Welche Schlüsselwörter sind relevant für diese Arbeit?
Wichtige Schlüsselwörter sind: Transkription, Annotation, Konversationsanalyse, HIAT, GAT, Turn, Sprachforschung, Korpuslinguistik, empirische Sprachwissenschaft, Fehlerkorrektur, Pausen, Gesprächsanalyse.
Welche Kapitel beinhaltet die Arbeit?
Die Arbeit gliedert sich in folgende Kapitel: Einleitung, Definition von Transkription, Beschreibung des HIAT-Systems, Beschreibung des GAT-Systems, kritischer Vergleich von HIAT und GAT, und Konklusion.

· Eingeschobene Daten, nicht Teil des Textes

Lemma invlim_iterW0 (u : K) n : iter n W (u n) = u 0%N.
Proof. by have := invlim_iterW u n 0; rewrite add0n. Qed.

Lemma head_embed_adjoint : adjoint head embed.
Proof.
move=> u x; apply/esym; apply: hinner_invlim_unique.
have -> : (fun n => << u n, embed x n >>) = fun=> << head u, x >>.
  by apply/funext => n; rewrite embedE -(adjoint_iter n WSadj) invlim_iterW0.
exact: ccvg_cst.
Qed.

Lemma coisometric_head_embed : coisometric head embed.
Proof. by split; [exact: head_embed_adjoint | move=> x]. Qed.

Lemma shift_subproof (u : K) :
  (fun n => if n is m.+1 then u m else W (u 0%N)) \in compatible_bounded W.
Proof.
have [M uM] := invlim_bounded u.
apply: compatible_boundedP => [[|n]|]; rewrite /= ?invlimW //.
exists M => -[|n] //; exact: le_trans (sqnorm_coisometric_le WS _) (uM 0%N).
Qed.

Lemma unshift_subproof (u : K) : (fun n => u n.+1) \in compatible_bounded W.
Proof.
have [M uM] := invlim_bounded u.
by apply: compatible_boundedP => [n|]; [exact: invlimW | exists M].
Qed.

Definition shift (u : K) : K := InvLim (shift_subproof u).
Definition unshift (u : K) : K := InvLim (unshift_subproof u).

Lemma shiftK : cancel unshift shift.
Proof. by move=> u; apply: invlimP => -[|n] //=; rewrite invlimW. Qed.

Lemma unshiftK : cancel shift unshift.
Proof. by move=> u; apply: invlimP. Qed.

Lemma shift_adjoint : adjoint shift unshift.
Proof.
move=> u v; apply: hinner_invlim_unique; rewrite -ccvg_shiftS.
exact: (invlim_ip_cvg WS u (unshift v)).
Qed.

Lemma unitary_pair_shift : unitary_pair shift unshift.
Proof. by split; [exact: shift_adjoint | split; [exact: shiftK | exact: unshiftK]]. Qed.

Lemma unshift_embed x : unshift (embed x) = embed (S x).
Proof. by apply: invlimP => n; rewrite /= -iterSr. Qed.

Lemma head_iter_unshift n (u : K) : head (iter n unshift u) = u n.
Proof.
suff iterE i : iter n unshift u i = u (i + n)%N by rewrite /head iterE.
by elim: n i => [|n ih] i; rewrite ?addn0 // iterS /= ih addnS.
Qed.

Lemma hcvg_embed_head (T Ti : K -> K) (u : K) :
  unitary_pair T Ti -> (forall n, sqnorm (head (iter n T u)) = sqnorm (u n)) ->
  hcvg (fun n => iter n Ti (embed (head (iter n T u)))) u.
Proof.
move=> TTi Tu; have dist n : sqnorm (iter n Ti (embed (head (iter n T u))) - u) =
    invlim_sqnorm u - sqnorm (u n).
  have TTin := unitary_pair_iter TTi n; have [_ [_ TK]] := TTin.
  rewrite -{2}(TK u) -(linB (unitary_pair_linear (unitary_pair_sym TTin))).
  rewrite (sqnorm_unitary_pair (unitary_pair_sym TTin)) sqnormBC.
  rewrite (sqnorm_coisometric_defect coisometric_head_embed) Tu.
  by rewrite (sqnorm_unitary_pair TTin) sqnorm_invlim.
have : (fun n => invlim_sqnorm u - sqnorm (u n)) @ \oo --> invlim_sqnorm u - invlim_sqnorm u.
  by apply: cvgB; [exact: cvg_cst | apply: (invlim_sqnorm_cvg WS)].
by rewrite subrr /hcvg (eq_cvg _ _ dist).
Qed.

Lemma shift_approx (v : K) : hcvg (fun n => iter n shift (embed (v n))) v.
Proof.
have := hcvg_embed_head (unitary_pair_sym unitary_pair_shift) (u := v).
by under eq_fun do rewrite head_iter_unshift; apply => n; rewrite head_iter_unshift.
Qed.

Lemma sqnorm_oplus_scalar_coord (Q : H -> H) c (w : K) i :
  (forall x, sqnorm (Q x) = sqnorm x) -> `|c| = 1 ->
  sqnorm (oplus_scalar head embed Q c w i) = sqnorm (w i).
Proof.
move=> Qiso /normc1_ReIm c1; have WSi := coisometric_iter i WS.
have orth a : << iter i S a, w i - iter i S (w 0%N) >> = 0.
  rewrite (adjoint_iter i SWadj) (linB (iter_linear i (coisometric_linear WS))).
  by rewrite invlim_iterW0 (coisometricK WSi) subrr ip0r.
have -> : oplus_scalar head embed Q c w i = iter i S (Q (w 0%N)) + c *: (w i - iter i S (w 0%N)).
  by [].
rewrite sqnormD sqnormZ ipZr orth mulr0 /= mulr0 addr0 c1 mul1r.
rewrite (sqnorm_coisometric_adj WSi) Qiso -(invlim_iterW0 w i).
rewrite (sqnorm_coisometric_defect WSi); lra.
Qed.

End Shift.

(** * Lifting a co-isometry intertwined with the extended one *)

Section Lifting.
Variables (R : realType) (H : hilbert R[i]) (W S A B Q Qs : H -> H) (q : R[i]).
Hypotheses (WS : coisometric W S) (AB : coisometric A B) (QQs : unitary_pair Q Qs).
Hypotheses (q1 : `|q| = 1) (WAQ : forall x, W (A x) = A (W (Q x))).
Local Notation K := (invlim_hilbert WS).
Local Notation embed := (embed WS).
Local Notation head := (@head _ _ _ _ WS).
Local Notation shift := (@shift _ _ _ _ WS).
Local Notation unshift := (@unshift _ _ _ _ WS).
Local Notation "<< x , y >>" := (hinner H x y).

Local Notation Qt := (oplus_scalar head embed Q q).
Local Notation Qti := (oplus_scalar head embed Qs q^*).

Let unitary_pair_Qt : unitary_pair Qt Qti :=
  unitary_pair_oplus_scalar (coisometric_head_embed WS) QQs q1.

Definition lift_step : K -> K := Qti \o unshift.
Definition lift_unstep : K -> K := shift \o Qt.

Lemma unitary_pair_lift_step : unitary_pair lift_step lift_unstep.
Proof.
exact: (unitary_pair_comp (unitary_pair_sym (unitary_pair_shift WS))
                          (unitary_pair_sym unitary_pair_Qt)).
Qed.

Welche Bedeutung hat die Trennung von Transkription und Annotation?
Die Arbeit betont die Bedeutung der strikten Trennung von Transkription und Annotation in der konversationsanalytischen Forschung. Diese Trennung ist ein zentrales Thema des Vergleichs zwischen HIAT und GAT.
Für wen ist diese Arbeit relevant?
Diese Arbeit richtet sich an Wissenschaftler*innen und Studierende der Sprachwissenschaft, insbesondere im Bereich der Konversationsanalyse und Korpuslinguistik, die sich mit Transkription und Annotation beschäftigen.